## WORK TASK
The records below hold a stretch from the line with "1 -> g p <= g q." through the line with "intros Hx Hxy."; return exactly those lines, ends included, and nothing more.

## INFORMATION GIVEN
(* Let $m\in\mathbb N$. Let $\mathbf X=(X_1,\dots,X_n)$ be (possibly dependent) component lifetimes and $\mathbf Y_i=(Y_{i1},\dots,Y_{in})$, $i=1,\dots,m$, be vectors of spare lifetimes, all $X_j$ and $Y_{ij}$ identically distributed as $X$. Let $T_C=\tau(\mathbf Z)$, where $\mathbf Z=(Z_1,\dots,Z_n)$, $Z_j=\max\{X_j,Y_{1j},\dots,Y_{mj}\}$ with $X_j,Y_{1j},\dots,Y_{mj}$ independent (active redundancy at component level), and let $T_S=\max\{\tau(\mathbf X),\tau(\mathbf Y_1),\dots,\tau(\mathbf Y_m)\}$ with $\tau(\mathbf X),\tau(\mathbf Y_1),\dots,\tau(\mathbf Y_m)$ independent (active redundancy at system level), where $\tau$ is a coherent structure and $\tau(\mathbf X),\tau(\mathbf Y_i),\tau(\mathbf Z)$ all have the same domination function $h$; thus $\bar F_{T_C}(x)=h\big(1-(1-\bar F_X(x))^{m+1}\big)$ and $\bar F_{T_S}(x)=1-\big(1-h(\bar F_X(x))\big)^{m+1}$. Then $T_S\underset{c}{\prec}T_C$ (resp. $T_S\underset{c}{\succ}T_C$) holds if and only if $$\left(\frac{(1-h(p))^{m}h'(p)}{1-(1-h(p))^{m+1}}\right)\left(\frac{h\big(1-(1-p)^{m+1}\big)}{(1-p)^{m}h'\big(1-(1-p)^{m+1}\big)}\right)$$ is decreasing (resp. increasing) in $p\in(0,1)$.
   Context: All random variables are non-negative and absolutely continuous with support $[0,\infty)$. For a random variable $W$: density $f_W$, survival $\bar F_W$, hazard rate $r_W=f_W/\bar F_W$. $U\underset{c}{\prec}V$ means $r_U(x)/r_V(x)$ is increasing in $x\ge0$; $U\underset{c}{\succ}V$ means $V\underset{c}{\prec}U$. The domination function $h:[0,1]\to[0,1]$ of a coherent system whose components have common marginal survival function $\bar G$ is the function (depending on structure and survival copula) with system reliability $h(\bar G(x))$; it is increasing, continuous, $h(0)=0$, $h(1)=1$, assumed differentiable. ''Increasing'' means non-decreasing, ''decreasing'' means non-increasing. *)

From Stdlib Require Import Reals.
From Coquelicot Require Import Coquelicot.
Open Scope R_scope.

Definition hazard (S : R -> R) (x : R) : R := - Derive S x / S x.

Definition cless (SU SV : R -> R) : Prop :=
  forall x y, 0 < x -> x <= y ->
    hazard SU x / hazard SV x <= hazard SU y / hazard SV y.

Definition lifetime_survival (Fb : R -> R) : Prop :=
  (forall x, x <= 0 -> Fb x = 1) /\
  (forall x, continuous Fb x) /\
  (forall x, 0 < x -> ex_derive Fb x /\ Derive Fb x < 0) /\
  is_lim Fb p_infty 0.

Definition domination_function (h : R -> R) : Prop :=
  h 0 = 0 /\ h 1 = 1 /\
  (forall p q, 0 <= p -> p <= q -> q <= 1 -> h p <= h q) /\
  (forall p, 0 <= p <= 1 -> continuity_pt h p) /\
  (forall p, 0 < p < 1 -> ex_derive h p /\ 0 < Derive h p).

Definition surv_TC (h : R -> R) (m : nat) (Fb : R -> R) (x : R) : R :=
  h (1 - (1 - Fb x) ^ (S m)).
Definition surv_TS (h : R -> R) (m : nat) (Fb : R -> R) (x : R) : R :=
  1 - (1 - h (Fb x)) ^ (S m).

Definition phi (h : R -> R) (m : nat) (p : R) : R :=
  ((1 - h p) ^ m * Derive h p / (1 - (1 - h p) ^ (S m))) *
  (h (1 - (1 - p) ^ (S m)) /
     ((1 - p) ^ m * Derive h (1 - (1 - p) ^ (S m)))).

Definition decreasing_on01 (g : R -> R) : Prop :=
  forall p q, 0 < p -> p <= q -> q < 1 -> g q <= g p.
Definition increasing_on01 (g : R -> R) : Prop :=
  forall p q, 0 < p -> p <= q -> q < 1 -> g p <= g q.

(** The hazard rate of a survival function [g (Fb x)] is [g'(p) / g(p)] at
    [p = Fb x] times [- Fb'(x)].  Both [T_S] and [T_C] are of this form, so
    in the quotient of their hazard rates the factor [- Fb'(x)] cancels and
    what remains is [phi (Fb x)].  Since [Fb] is a strictly decreasing
    bijection of [(0, oo)] onto [(0, 1)], the quotient increases in [x] iff
    [phi] decreases in [p]; the reverse ordering is the same statement for
    [1 / phi]. *)

From Stdlib Require Import Reals Lra Lia.
From Coquelicot Require Import Coquelicot.
Open Scope R_scope.

Lemma lt_of_Derive_pos (f : R -> R) (a b : R) :
  a < b ->
  (forall x, a <= x <= b -> continuity_pt f x) ->
  (forall x, a < x < b -> ex_derive f x /\ 0 < Derive f x) ->
  f a < f b.
Proof.
  intros Hab Hcont Hder.
  pose (pr := fun c (Hc : a < c < b) => ex_derive_Reals_0 f c (proj1 (Hder c Hc))).
  destruct (MVT f id a b pr (fun c _ => derivable_pt_id c) Hab Hcont
              (fun c _ => derivable_continuous_pt _ _ (derivable_pt_id c)))
    as (c & Hc & Hmvt).
  rewrite derive_pt_id, Derive_Reals in Hmvt. unfold id in Hmvt.
  pose proof (proj2 (Hder c Hc)) as Hpos.
  nra.
Qed.

Section Survival.

Variable Fb : R -> R.
Hypothesis HF : lifetime_survival Fb.

Lemma survival_lt x y : 0 <= x -> x < y -> Fb y < Fb x.
Proof.
  destruct HF as (_ & Hcont & Hder & _).
  intros Hx Hxy.
  enough (- Fb x < - Fb y) by lra.
  apply (lt_of_Derive_pos (fun z => - Fb z)); [lra | |].
  - intros z _. apply continuity_pt_opp, continuity_pt_filterlim, Hcont.
  - intros z Hz. destruct (Hder z) as [Hex Hneg]; [lra |].
    rewrite Derive_opp. split; [exact (ex_derive_opp Fb z Hex) | lra].
Qed.

Lemma survival_lt_1 x : 0 < x -> Fb x < 1.
Proof.
  intros Hx. rewrite <- (proj1 HF 0) by lra. now apply survival_lt; [lra |].
Qed.

Lemma survival_pos x : 0 < x -> 0 < Fb x.
Proof.
  intros Hx.
  assert (Hnonneg : Rbar_le 0 (Fb (x + 1))).
  { apply (is_lim_le_loc Fb (fun _ => Fb (x + 1)) p_infty);
      [| apply HF | apply is_lim_const].
    exists (x + 1). intros y Hy. apply Rlt_le, survival_lt; lra. }
  simpl in Hnonneg. pose proof (survival_lt x (x + 1)). lra.
Qed.

Lemma survival_onto q : 0 < q < 1 -> exists x, 0 < x /\ Fb x = q.
Proof.
  intros Hq.
  destruct HF as (H0 & Hcont & _ & Hlim).
  apply is_lim_spec in Hlim.
  destruct (Hlim (mkposreal q (proj1 Hq))) as [M HM]. simpl in HM.
  set (b := Rmax M 0 + 1).
  assert (Hb : M < b /\ 0 < b) by (unfold b; pose proof (Rmax_l M 0); pose proof (Rmax_r M 0); lra).
  specialize (HM b (proj1 Hb)). rewrite Rminus_0_r in HM. apply Rabs_def2 in HM.
  assert (Hf0 : Fb 0 = 1) by (apply H0; lra).
  destruct (IVT_gen Fb 0 b q) as (x & Hx & Hfx).
  - intros z. apply continuity_pt_filterlim, Hcont.
  - rewrite Hf0, Rmin_right, Rmax_left; lra.
  - rewrite Rmin_left, Rmax_right in Hx by lra.
    exists x. split; [| exact Hfx].
    destruct (Req_dec x 0) as [->|]; lra.
Qed.

Lemma increasing_comp_iff_decreasing (psi : R -> R) :
  (forall x y, 0 < x -> x <= y -> psi (Fb x) <= psi (Fb y)) <->
  decreasing_on01 psi.
Proof.
  split.
  - intros Hinc p q Hp Hpq Hq.
    destruct (survival_onto p) as (y & Hy & <-); [lra |].
    destruct (survival_onto q) as (x & Hx & <-); [lra |].
    destruct (Rle_or_lt x y) as [Hxy | Hyx].
    + now apply Hinc.
    + pose proof (survival_lt y x). lra.
  - intros Hdec x y Hx Hxy.
    destruct (Req_dec x y) as [<- | Hne]; [lra |].
    pose proof (survival_lt x y). pose proof (survival_lt_1 x Hx).
    pose proof (survival_pos y).
    apply Hdec; lra.
Qed.

End Survival.

Section Domination.

Variable h : R -> R.
Hypothesis Hh : domination_function h.

Lemma domination_lt p q : 0 <= p -> p < q -> q <= 1 -> h p < h q.
Proof.
  destruct Hh as (_ & _ & _ & Hcont & Hder).
  intros Hp Hpq Hq. apply lt_of_Derive_pos; [lra | |].
  - intros x Hx. apply Hcont. lra.
  - intros x Hx. apply Hder. lra.
Qed.

Lemma domination_range p : 0 < p < 1 -> 0 < h p < 1.
Proof.
  destruct Hh as (H0 & H1 & _).
  intros Hp. rewrite <- H0, <- H1.
  split; apply domination_lt; lra.
Qed.

End Domination.

Definition logderiv (g : R -> R) (p : R) : R := Derive g p / g p.

Lemma hazard_comp (g Fb : R -> R) x :
  ex_derive g (Fb x) -> ex_derive Fb x ->
  hazard (fun y => g (Fb y)) x = logderiv g (Fb x) * - Derive Fb x.
Proof.
  intros Hg HFb. unfold hazard, logderiv.
  rewrite Derive_comp by assumption.
  unfold Rdiv. ring.
Qed.

(* Reliability of [n + 1] independent units in parallel, each of reliability
   [p]: [surv_TS] is [parallel m \o h \o Fb] and [surv_TC] is
   [h \o parallel m \o Fb]. *)
Definition parallel (n : nat) (p : R) : R := 1 - (1 - p) ^ S n.

Lemma parallel_range n p : 0 < p < 1 -> 0 < parallel n p < 1.
Proof.
  intros Hp. unfold parallel.
  assert (0 < (1 - p) ^ S n) by (apply pow_lt; lra).
  assert ((1 - p) ^ S n < 1) by (apply pow_lt_1_compat; [lra | lia]).
  lra.
Qed.

Lemma is_derive_parallel n p : is_derive (parallel n) p (INR (S n) * (1 - p) ^ n).
Proof.
  unfold parallel. auto_derive; [exact I |].
  change (match n with 0%nat => 1 | S _ => INR n + 1 end) with (INR (S n)).
  replace (1 + - p) with (1 - p) by ring.
  generalize ((1 - p) ^ n). intros. ring.
Qed.

Section Redundancy.

Variables (h : R -> R) (m : nat).
Hypothesis Hh : domination_function h.

Definition system_level (p : R) : R := parallel m (h p).
Definition component_level (p : R) : R := h (parallel m p).

Lemma Derive_system_level p : 0 < p < 1 ->
  Derive system_level p = INR (S m) * (1 - h p) ^ m * Derive h p.
Proof.
  destruct Hh as (_ & _ & _ & _ & Hder).
  intros Hp. unfold system_level.
  rewrite Derive_comp; [| eexists; apply is_derive_parallel | apply Hder, Hp].
  rewrite (is_derive_unique _ _ _ (is_derive_parallel _ _)). ring.
Qed.

Lemma Derive_component_level p : 0 < p < 1 ->
  Derive component_level p = INR (S m) * (1 - p) ^ m * Derive h (parallel m p).
Proof.
  destruct Hh as (_ & _ & _ & _ & Hder).
  intros Hp. unfold component_level.
  rewrite Derive_comp; [| apply Hder, parallel_range, Hp | eexists; apply is_derive_parallel].
  rewrite (is_derive_unique _ _ _ (is_derive_parallel _ _)). ring.
Qed.

Lemma logderiv_system_level_pos p : 0 < p < 1 -> 0 < logderiv system_level p.
Proof.
  intros Hp. unfold logderiv. rewrite Derive_system_level by exact Hp.
  pose proof (domination_range h Hh p Hp) as Hhp.
  pose proof (parallel_range m (h p) Hhp).
  assert (0 < Derive h p) by apply Hh, Hp.
  assert (0 < INR (S m)) by (apply lt_0_INR; lia).
  assert (0 < (1 - h p) ^ m) by (apply pow_lt; lra).
  unfold system_level.
  apply Rdiv_lt_0_compat; [repeat apply Rmult_lt_0_compat |]; lra.
Qed.

Lemma logderiv_component_level_pos p : 0 < p < 1 -> 0 < logderiv component_level p.
Proof.
  intros Hp. unfold logderiv. rewrite Derive_component_level by exact Hp.
  pose proof (parallel_range m p Hp) as Hpar.
  pose proof (domination_range h Hh _ Hpar).
  assert (0 < Derive h (parallel m p)) by apply Hh, Hpar.
  assert (0 < INR (S m)) by (apply lt_0_INR; lia).
  assert (0 < (1 - p) ^ m) by (apply pow_lt; lra).
  unfold component_level.
  apply Rdiv_lt_0_compat; [repeat apply Rmult_lt_0_compat |]; lra.
Qed.

Lemma phi_logderiv p : 0 < p < 1 ->
  phi h m p = logderiv system_level p / logderiv component_level p.
Proof.
  intros Hp.
  pose proof (parallel_range m p Hp) as Hpar.
  pose proof (parallel_range m _ (domination_range h Hh p Hp)).
  pose proof (domination_range h Hh _ Hpar).
  assert (0 < Derive h (parallel m p)) by apply Hh, Hpar.
  assert (0 < INR (S m)) by (apply lt_0_INR; lia).
  assert (0 < (1 - p) ^ m) by (apply pow_lt; lra).
  unfold logderiv.
  rewrite Derive_system_level, Derive_component_level by exact Hp.
  unfold phi, system_level, component_level. fold (parallel m p) (parallel m (h p)).
  field. repeat split; lra.
Qed.

Lemma phi_pos p : 0 < p < 1 -> 0 < phi h m p.
Proof.
  intros Hp. rewrite phi_logderiv by exact Hp.
  apply Rdiv_lt_0_compat;
    [apply logderiv_system_level_pos | apply logderiv_component_level_pos]; exact Hp.
Qed.

Lemma hazard_ratio_TS_TC Fb x : lifetime_survival Fb -> 0 < x ->
  hazard (surv_TS h m Fb) x / hazard (surv_TC h m Fb) x = phi h m (Fb x).
Proof.
  intros HF Hx.
  assert (Hp : 0 < Fb x < 1) by (split; [apply survival_pos | apply survival_lt_1]; assumption).
  destruct HF as (_ & _ & HdF & _). destruct (HdF x Hx) as [HexF HnegF].
  pose proof Hh as (_ & _ & _ & _ & Hdh).
  pose proof (parallel_range m _ Hp) as Hpar.
  pose proof (logderiv_component_level_pos _ Hp).
  change (hazard (fun y => system_level (Fb y)) x /
          hazard (fun y => component_level (Fb y)) x = phi h m (Fb x)).
  assert (ex_derive system_level (Fb x)).
  { apply (ex_derive_comp (parallel m) h); [eexists; apply is_derive_parallel | apply Hdh, Hp]. }
  assert (ex_derive component_level (Fb x)).
  { apply (ex_derive_comp h (parallel m)); [apply Hdh, Hpar | eexists; apply is_derive_parallel]. }
  rewrite !hazard_comp, phi_logderiv by assumption.
  field. lra.
Qed.

End Redundancy.

Lemma cless_iff (SU SV r : R -> R) :
  (forall x, 0 < x -> hazard SU x / hazard SV x = r x) ->
  cless SU SV <-> (forall x y, 0 < x -> x <= y -> r x <= r y).
Proof.
  intros Hr. unfold cless.
  split; intros Hmono x y Hx Hxy; specialize (Hmono x y Hx Hxy);
    rewrite ?Hr in * by lra; exact Hmono.
Qed.

Lemma inv_decreasing_iff (g : R -> R) :
  (forall p, 0 < p < 1 -> 0 < g p) ->
  decreasing_on01 (fun p => / g p) <-> increasing_on01 g.
Proof.
  intros Hpos. unfold decreasing_on01, increasing_on01.
  split; intros Hmono p q Hp Hpq Hq; specialize (Hmono p q Hp Hpq Hq);
    pose proof (Hpos p ltac:(lra)); pose proof (Hpos q ltac:(lra)).
  - rewrite <- (Rinv_inv (g p)), <- (Rinv_inv (g q)).
    apply Rinv_le_contravar; [apply Rinv_0_lt_compat |]; assumption.
  - apply Rinv_le_contravar; assumption.
Qed.

Theorem theorem4p1 (m : nat) (h : R -> R) (Fb : R -> R)
  (Hh : domination_function h) (HF : lifetime_survival Fb) :
  (cless (surv_TS h m Fb) (surv_TC h m Fb) <-> decreasing_on01 (phi h m)) /\
  (cless (surv_TC h m Fb) (surv_TS h m Fb) <-> increasing_on01 (phi h m)).
Proof.
  pose proof (fun x => hazard_ratio_TS_TC h m Hh Fb x HF) as Hratio.
  split.
  - rewrite (cless_iff _ _ _ Hratio).
    apply increasing_comp_iff_decreasing, HF.
  - rewrite (cless_iff _ _ (fun x => / phi h m (Fb x))).
    + rewrite (increasing_comp_iff_decreasing Fb HF (fun p => / phi h m p)).
      apply inv_decreasing_iff, phi_pos, Hh.
    + intros x Hx. rewrite <- Hratio, Rinv_div by exact Hx. reflexivity.
Qed.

## EXERCISE RESPONSE
  forall p q, 0 < p -> p <= q -> q < 1 -> g p <= g q.

(** The hazard rate of a survival function [g (Fb x)] is [g'(p) / g(p)] at
    [p = Fb x] times [- Fb'(x)].  Both [T_S] and [T_C] are of this form, so
    in the quotient of their hazard rates the factor [- Fb'(x)] cancels and
    what remains is [phi (Fb x)].  Since [Fb] is a strictly decreasing
    bijection of [(0, oo)] onto [(0, 1)], the quotient increases in [x] iff
    [phi] decreases in [p]; the reverse ordering is the same statement for
    [1 / phi]. *)

From Stdlib Require Import Reals Lra Lia.
From Coquelicot Require Import Coquelicot.
Open Scope R_scope.

Lemma lt_of_Derive_pos (f : R -> R) (a b : R) :
  a < b ->
  (forall x, a <= x <= b -> continuity_pt f x) ->
  (forall x, a < x < b -> ex_derive f x /\ 0 < Derive f x) ->
  f a < f b.
Proof.
  intros Hab Hcont Hder.
  pose (pr := fun c (Hc : a < c < b) => ex_derive_Reals_0 f c (proj1 (Hder c Hc))).
  destruct (MVT f id a b pr (fun c _ => derivable_pt_id c) Hab Hcont
              (fun c _ => derivable_continuous_pt _ _ (derivable_pt_id c)))
    as (c & Hc & Hmvt).
  rewrite derive_pt_id, Derive_Reals in Hmvt. unfold id in Hmvt.
  pose proof (proj2 (Hder c Hc)) as Hpos.
  nra.
Qed.

Section Survival.

Variable Fb : R -> R.
Hypothesis HF : lifetime_survival Fb.

Lemma survival_lt x y : 0 <= x -> x < y -> Fb y < Fb x.
Proof.
  destruct HF as (_ & Hcont & Hder & _).
  intros Hx Hxy.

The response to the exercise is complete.